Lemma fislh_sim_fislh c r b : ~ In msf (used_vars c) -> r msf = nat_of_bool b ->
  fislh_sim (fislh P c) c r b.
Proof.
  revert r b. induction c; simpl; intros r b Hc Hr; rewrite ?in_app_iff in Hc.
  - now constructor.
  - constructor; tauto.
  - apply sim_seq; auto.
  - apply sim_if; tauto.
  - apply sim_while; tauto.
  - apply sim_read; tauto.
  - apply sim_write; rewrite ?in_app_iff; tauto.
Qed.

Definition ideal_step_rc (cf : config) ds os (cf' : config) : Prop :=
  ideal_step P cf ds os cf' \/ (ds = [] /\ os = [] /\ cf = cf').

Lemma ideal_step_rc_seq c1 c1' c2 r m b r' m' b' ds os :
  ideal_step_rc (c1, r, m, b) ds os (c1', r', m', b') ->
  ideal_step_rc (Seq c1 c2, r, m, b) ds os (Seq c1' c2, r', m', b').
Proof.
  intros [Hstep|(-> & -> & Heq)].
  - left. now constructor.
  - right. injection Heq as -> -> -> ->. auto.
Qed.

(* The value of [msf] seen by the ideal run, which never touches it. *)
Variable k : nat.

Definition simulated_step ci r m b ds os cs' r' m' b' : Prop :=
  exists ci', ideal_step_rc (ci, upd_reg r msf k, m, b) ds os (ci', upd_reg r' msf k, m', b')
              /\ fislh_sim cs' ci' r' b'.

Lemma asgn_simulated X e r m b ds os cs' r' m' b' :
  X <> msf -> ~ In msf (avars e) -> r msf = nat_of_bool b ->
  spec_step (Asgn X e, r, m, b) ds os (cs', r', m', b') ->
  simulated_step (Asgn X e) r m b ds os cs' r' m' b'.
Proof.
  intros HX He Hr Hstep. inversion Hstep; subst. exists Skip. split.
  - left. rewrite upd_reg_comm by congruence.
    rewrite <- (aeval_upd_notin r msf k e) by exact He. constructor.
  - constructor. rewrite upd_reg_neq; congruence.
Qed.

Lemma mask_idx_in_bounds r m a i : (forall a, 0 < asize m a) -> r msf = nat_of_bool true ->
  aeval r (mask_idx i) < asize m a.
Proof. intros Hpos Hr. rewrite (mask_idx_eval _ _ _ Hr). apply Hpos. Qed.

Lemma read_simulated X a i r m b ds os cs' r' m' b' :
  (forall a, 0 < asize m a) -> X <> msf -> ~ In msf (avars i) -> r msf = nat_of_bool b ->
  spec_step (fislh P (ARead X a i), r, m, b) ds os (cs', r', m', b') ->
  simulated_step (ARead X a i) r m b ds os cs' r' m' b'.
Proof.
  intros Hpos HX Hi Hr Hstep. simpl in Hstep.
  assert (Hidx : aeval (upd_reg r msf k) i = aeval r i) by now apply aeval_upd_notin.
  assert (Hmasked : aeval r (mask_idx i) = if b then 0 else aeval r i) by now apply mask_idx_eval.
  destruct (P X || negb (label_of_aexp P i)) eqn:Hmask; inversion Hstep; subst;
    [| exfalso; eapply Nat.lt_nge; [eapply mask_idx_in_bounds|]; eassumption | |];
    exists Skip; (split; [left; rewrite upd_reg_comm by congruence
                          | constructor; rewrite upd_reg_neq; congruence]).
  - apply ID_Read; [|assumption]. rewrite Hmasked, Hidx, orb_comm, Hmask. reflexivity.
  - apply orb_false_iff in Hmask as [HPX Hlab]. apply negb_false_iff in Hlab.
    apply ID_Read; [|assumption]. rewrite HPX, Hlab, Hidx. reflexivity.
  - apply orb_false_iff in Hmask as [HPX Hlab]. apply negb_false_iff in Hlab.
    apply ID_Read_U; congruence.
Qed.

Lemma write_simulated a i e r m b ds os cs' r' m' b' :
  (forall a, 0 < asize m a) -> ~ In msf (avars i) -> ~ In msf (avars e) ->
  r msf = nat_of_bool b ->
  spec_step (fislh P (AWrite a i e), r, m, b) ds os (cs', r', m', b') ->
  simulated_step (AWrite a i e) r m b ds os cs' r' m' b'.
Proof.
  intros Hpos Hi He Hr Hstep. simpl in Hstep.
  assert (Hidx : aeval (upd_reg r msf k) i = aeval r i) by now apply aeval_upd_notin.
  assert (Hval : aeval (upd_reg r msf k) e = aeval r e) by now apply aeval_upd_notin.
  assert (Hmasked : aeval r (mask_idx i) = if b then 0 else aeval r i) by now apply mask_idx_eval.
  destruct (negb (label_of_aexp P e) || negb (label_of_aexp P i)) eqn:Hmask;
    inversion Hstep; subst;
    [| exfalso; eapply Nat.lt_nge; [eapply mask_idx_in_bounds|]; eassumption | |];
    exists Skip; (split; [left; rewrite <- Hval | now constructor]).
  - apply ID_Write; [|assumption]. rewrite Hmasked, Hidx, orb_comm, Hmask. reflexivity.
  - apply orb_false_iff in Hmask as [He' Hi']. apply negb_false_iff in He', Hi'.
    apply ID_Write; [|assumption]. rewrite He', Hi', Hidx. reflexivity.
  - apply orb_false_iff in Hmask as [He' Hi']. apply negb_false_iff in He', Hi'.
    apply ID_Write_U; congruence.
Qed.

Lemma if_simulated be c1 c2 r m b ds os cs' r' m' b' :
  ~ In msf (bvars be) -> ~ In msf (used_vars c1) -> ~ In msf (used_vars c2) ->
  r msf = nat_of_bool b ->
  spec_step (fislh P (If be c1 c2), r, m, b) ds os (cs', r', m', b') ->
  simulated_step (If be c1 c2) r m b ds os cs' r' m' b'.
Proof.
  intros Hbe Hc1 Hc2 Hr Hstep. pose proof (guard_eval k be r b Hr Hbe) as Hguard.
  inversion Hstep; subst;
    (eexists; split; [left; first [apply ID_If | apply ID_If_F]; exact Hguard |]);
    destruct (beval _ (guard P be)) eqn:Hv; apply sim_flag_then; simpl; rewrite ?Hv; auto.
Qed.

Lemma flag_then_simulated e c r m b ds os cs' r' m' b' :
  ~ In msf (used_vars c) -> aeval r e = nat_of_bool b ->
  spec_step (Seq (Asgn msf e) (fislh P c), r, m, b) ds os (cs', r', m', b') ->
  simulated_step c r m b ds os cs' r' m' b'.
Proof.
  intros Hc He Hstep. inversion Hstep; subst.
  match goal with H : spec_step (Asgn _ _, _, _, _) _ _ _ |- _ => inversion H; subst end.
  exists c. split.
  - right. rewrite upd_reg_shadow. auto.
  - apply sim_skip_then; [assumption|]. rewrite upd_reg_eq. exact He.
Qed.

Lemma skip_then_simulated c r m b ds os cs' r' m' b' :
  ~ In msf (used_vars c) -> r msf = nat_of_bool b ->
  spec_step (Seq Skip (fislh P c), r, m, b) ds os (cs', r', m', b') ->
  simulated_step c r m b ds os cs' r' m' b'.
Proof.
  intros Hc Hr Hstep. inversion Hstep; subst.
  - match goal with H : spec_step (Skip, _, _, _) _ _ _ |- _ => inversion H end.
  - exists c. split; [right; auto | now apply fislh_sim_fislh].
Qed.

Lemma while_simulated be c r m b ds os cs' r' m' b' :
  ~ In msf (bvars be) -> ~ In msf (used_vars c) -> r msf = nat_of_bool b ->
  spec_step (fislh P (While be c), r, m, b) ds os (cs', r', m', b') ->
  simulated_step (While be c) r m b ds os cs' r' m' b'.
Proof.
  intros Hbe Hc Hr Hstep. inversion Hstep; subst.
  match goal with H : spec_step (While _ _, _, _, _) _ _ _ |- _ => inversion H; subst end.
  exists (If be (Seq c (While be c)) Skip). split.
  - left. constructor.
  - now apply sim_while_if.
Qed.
:::
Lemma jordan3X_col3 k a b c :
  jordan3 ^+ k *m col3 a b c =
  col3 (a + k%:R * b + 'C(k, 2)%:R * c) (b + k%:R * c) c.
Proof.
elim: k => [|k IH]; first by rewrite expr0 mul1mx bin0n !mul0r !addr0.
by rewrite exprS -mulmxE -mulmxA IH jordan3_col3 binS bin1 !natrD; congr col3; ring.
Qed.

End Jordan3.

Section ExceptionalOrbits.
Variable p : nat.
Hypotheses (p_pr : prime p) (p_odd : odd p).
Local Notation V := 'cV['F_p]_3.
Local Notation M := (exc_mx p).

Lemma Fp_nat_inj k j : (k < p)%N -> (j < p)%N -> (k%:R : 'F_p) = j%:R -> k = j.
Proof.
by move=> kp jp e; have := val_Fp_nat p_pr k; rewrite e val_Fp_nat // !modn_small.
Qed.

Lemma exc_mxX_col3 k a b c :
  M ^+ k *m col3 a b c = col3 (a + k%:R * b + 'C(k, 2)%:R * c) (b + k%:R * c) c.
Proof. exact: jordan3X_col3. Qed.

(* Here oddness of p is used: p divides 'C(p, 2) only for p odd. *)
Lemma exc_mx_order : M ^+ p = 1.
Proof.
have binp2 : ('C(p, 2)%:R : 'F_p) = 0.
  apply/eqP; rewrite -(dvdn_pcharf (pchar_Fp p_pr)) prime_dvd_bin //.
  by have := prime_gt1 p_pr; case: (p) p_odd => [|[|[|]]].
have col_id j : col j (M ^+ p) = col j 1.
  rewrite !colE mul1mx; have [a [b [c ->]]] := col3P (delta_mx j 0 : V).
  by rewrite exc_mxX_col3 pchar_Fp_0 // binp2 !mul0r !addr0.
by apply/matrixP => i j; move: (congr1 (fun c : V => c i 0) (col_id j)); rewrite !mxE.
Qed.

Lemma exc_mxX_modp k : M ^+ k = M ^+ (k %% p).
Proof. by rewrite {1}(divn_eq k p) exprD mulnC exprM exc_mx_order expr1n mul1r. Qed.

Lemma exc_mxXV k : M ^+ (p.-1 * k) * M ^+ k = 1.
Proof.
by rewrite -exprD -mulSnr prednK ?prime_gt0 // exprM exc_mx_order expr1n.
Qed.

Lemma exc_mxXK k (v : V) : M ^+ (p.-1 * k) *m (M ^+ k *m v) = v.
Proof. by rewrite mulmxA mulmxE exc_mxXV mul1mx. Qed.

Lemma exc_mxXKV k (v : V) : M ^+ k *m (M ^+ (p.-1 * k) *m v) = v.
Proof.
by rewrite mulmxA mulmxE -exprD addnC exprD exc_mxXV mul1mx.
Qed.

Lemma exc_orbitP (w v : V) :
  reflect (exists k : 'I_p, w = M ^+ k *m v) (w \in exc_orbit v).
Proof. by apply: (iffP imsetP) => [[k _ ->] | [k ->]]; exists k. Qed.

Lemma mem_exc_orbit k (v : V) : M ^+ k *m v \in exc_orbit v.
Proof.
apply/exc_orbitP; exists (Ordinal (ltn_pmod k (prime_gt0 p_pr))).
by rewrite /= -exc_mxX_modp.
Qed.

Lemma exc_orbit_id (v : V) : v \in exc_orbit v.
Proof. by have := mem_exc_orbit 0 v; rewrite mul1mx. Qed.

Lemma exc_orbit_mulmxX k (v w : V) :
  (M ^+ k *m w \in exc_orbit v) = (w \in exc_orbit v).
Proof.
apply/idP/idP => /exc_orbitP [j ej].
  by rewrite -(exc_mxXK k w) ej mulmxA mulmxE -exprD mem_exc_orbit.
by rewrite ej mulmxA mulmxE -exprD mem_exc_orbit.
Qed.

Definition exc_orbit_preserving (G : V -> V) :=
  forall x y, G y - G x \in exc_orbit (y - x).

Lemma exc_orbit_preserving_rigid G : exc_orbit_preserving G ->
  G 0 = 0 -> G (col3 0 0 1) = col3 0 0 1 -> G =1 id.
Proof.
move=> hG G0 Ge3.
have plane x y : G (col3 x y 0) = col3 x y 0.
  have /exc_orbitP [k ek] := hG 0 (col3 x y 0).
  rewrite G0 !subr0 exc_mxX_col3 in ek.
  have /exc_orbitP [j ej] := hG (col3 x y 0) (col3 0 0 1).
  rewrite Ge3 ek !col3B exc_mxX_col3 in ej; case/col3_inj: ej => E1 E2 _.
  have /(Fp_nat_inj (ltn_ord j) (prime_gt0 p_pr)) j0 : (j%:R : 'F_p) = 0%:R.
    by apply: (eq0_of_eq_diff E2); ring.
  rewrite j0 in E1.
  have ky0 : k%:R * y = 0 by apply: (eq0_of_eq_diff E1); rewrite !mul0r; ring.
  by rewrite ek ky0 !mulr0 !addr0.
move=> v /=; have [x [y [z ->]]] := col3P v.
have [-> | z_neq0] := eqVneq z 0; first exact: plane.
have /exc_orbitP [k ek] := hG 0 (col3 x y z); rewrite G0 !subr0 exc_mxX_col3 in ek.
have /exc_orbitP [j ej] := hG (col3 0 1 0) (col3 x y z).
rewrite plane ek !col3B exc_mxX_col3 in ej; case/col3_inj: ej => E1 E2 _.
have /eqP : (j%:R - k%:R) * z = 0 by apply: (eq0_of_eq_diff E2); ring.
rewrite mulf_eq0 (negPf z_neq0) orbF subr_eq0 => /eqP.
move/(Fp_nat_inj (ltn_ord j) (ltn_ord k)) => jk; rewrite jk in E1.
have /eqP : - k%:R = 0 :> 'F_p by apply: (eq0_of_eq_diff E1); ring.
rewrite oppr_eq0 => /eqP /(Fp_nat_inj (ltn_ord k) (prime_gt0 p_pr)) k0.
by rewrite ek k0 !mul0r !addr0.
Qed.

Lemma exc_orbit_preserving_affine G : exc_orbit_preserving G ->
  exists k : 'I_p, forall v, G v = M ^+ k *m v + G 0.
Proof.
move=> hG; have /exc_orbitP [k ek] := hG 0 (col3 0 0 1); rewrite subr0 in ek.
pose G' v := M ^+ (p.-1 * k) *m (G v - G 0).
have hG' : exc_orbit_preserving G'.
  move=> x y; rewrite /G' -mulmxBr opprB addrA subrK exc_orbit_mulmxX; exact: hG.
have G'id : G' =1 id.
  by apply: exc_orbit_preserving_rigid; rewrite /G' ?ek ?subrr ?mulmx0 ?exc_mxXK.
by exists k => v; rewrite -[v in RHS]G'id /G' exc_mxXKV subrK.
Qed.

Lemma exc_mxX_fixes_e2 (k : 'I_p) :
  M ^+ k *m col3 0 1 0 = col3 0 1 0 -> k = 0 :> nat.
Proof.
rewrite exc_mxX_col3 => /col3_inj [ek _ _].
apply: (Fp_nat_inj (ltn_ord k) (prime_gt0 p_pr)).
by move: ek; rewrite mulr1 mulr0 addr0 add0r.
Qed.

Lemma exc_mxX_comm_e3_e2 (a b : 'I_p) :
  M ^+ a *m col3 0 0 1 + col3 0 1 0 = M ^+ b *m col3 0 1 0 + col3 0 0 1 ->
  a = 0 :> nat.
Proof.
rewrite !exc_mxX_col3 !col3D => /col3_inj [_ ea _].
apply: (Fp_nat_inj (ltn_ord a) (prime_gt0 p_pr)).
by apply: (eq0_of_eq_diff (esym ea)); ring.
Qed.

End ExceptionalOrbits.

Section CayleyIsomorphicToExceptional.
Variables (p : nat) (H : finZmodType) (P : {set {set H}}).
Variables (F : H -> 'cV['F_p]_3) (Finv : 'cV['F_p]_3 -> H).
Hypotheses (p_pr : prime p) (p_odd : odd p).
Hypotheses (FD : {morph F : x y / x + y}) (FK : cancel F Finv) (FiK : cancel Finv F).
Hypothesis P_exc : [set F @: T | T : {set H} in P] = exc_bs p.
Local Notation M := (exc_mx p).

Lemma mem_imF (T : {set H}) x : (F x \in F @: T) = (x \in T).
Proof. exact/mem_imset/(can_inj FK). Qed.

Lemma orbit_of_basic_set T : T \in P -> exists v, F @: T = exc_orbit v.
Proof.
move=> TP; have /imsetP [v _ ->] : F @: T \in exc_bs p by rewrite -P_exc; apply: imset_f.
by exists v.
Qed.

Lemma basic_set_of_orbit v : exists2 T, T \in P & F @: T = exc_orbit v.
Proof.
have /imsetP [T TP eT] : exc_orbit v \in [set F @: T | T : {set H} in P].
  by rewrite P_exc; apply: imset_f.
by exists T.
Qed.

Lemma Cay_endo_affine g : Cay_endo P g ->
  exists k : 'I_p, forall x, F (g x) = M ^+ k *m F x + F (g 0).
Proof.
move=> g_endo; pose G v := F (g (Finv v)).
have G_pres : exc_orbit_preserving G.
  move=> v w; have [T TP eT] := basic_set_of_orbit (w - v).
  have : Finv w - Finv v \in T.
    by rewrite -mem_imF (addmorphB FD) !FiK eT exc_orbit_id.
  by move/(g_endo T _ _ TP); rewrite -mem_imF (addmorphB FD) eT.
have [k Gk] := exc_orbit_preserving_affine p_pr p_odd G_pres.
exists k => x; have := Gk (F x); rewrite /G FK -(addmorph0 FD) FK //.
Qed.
:::
YOUR OBJECTIVE >> Set down exactly the lines of the data above, beginning with the line that has "Lemma fislh_sim_fislh c" and ending with the line that has "Lemma read_simulated X", and no others.

RESPONSE TO THIS EXERCISE >>
Lemma fislh_sim_fislh c r b : ~ In msf (used_vars c) -> r msf = nat_of_bool b ->
  fislh_sim (fislh P c) c r b.
Proof.
  revert r b. induction c; simpl; intros r b Hc Hr; rewrite ?in_app_iff in Hc.
  - now constructor.
  - constructor; tauto.
  - apply sim_seq; auto.
  - apply sim_if; tauto.
  - apply sim_while; tauto.
  - apply sim_read; tauto.
  - apply sim_write; rewrite ?in_app_iff; tauto.
Qed.

Definition ideal_step_rc (cf : config) ds os (cf' : config) : Prop :=
  ideal_step P cf ds os cf' \/ (ds = [] /\ os = [] /\ cf = cf').

Lemma ideal_step_rc_seq c1 c1' c2 r m b r' m' b' ds os :
  ideal_step_rc (c1, r, m, b) ds os (c1', r', m', b') ->
  ideal_step_rc (Seq c1 c2, r, m, b) ds os (Seq c1' c2, r', m', b').
Proof.
  intros [Hstep|(-> & -> & Heq)].
  - left. now constructor.
  - right. injection Heq as -> -> -> ->. auto.
Qed.

(* The value of [msf] seen by the ideal run, which never touches it. *)
Variable k : nat.

Definition simulated_step ci r m b ds os cs' r' m' b' : Prop :=
  exists ci', ideal_step_rc (ci, upd_reg r msf k, m, b) ds os (ci', upd_reg r' msf k, m', b')
              /\ fislh_sim cs' ci' r' b'.

Lemma asgn_simulated X e r m b ds os cs' r' m' b' :
  X <> msf -> ~ In msf (avars e) -> r msf = nat_of_bool b ->
  spec_step (Asgn X e, r, m, b) ds os (cs', r', m', b') ->
  simulated_step (Asgn X e) r m b ds os cs' r' m' b'.
Proof.
  intros HX He Hr Hstep. inversion Hstep; subst. exists Skip. split.
  - left. rewrite upd_reg_comm by congruence.
    rewrite <- (aeval_upd_notin r msf k e) by exact He. constructor.
  - constructor. rewrite upd_reg_neq; congruence.
Qed.

Lemma mask_idx_in_bounds r m a i : (forall a, 0 < asize m a) -> r msf = nat_of_bool true ->
  aeval r (mask_idx i) < asize m a.
Proof. intros Hpos Hr. rewrite (mask_idx_eval _ _ _ Hr). apply Hpos. Qed.

Lemma read_simulated X a i r m b ds os cs' r' m' b' :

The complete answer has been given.